━━ Entries provided
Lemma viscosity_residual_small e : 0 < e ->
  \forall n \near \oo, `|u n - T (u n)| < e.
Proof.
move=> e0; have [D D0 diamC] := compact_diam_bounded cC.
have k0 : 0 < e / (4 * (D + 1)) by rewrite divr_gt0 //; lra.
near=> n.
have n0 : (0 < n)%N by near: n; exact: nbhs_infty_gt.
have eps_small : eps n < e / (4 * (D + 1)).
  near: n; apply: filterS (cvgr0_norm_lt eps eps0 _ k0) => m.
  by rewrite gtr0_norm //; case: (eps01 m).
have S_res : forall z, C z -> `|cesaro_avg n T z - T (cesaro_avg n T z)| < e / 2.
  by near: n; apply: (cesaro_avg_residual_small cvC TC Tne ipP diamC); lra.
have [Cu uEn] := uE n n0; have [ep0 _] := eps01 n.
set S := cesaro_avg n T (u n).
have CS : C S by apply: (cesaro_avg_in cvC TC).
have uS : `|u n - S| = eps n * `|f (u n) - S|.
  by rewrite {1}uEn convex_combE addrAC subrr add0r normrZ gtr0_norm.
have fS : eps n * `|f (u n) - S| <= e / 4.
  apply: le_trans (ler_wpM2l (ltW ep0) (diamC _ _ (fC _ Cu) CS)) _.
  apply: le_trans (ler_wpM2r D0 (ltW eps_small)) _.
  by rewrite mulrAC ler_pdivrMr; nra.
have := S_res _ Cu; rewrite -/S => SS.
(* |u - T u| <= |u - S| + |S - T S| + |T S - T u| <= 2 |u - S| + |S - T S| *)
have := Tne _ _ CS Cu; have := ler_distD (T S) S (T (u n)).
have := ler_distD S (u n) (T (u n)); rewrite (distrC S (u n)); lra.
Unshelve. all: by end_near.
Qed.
━━━━
Problem requirements:
Each line from the top of the records down to the one with "have fS : eps" must be retyped exactly; include both ends and nothing else.

Exercise answer:
Lemma viscosity_residual_small e : 0 < e ->
  \forall n \near \oo, `|u n - T (u n)| < e.
Proof.
move=> e0; have [D D0 diamC] := compact_diam_bounded cC.
have k0 : 0 < e / (4 * (D + 1)) by rewrite divr_gt0 //; lra.
near=> n.
have n0 : (0 < n)%N by near: n; exact: nbhs_infty_gt.
have eps_small : eps n < e / (4 * (D + 1)).
  near: n; apply: filterS (cvgr0_norm_lt eps eps0 _ k0) => m.
  by rewrite gtr0_norm //; case: (eps01 m).
have S_res : forall z, C z -> `|cesaro_avg n T z - T (cesaro_avg n T z)| < e / 2.
  by near: n; apply: (cesaro_avg_residual_small cvC TC Tne ipP diamC); lra.
have [Cu uEn] := uE n n0; have [ep0 _] := eps01 n.
set S := cesaro_avg n T (u n).
have CS : C S by apply: (cesaro_avg_in cvC TC).
have uS : `|u n - S| = eps n * `|f (u n) - S|.
  by rewrite {1}uEn convex_combE addrAC subrr add0r normrZ gtr0_norm.
have fS : eps n * `|f (u n) - S| <= e / 4.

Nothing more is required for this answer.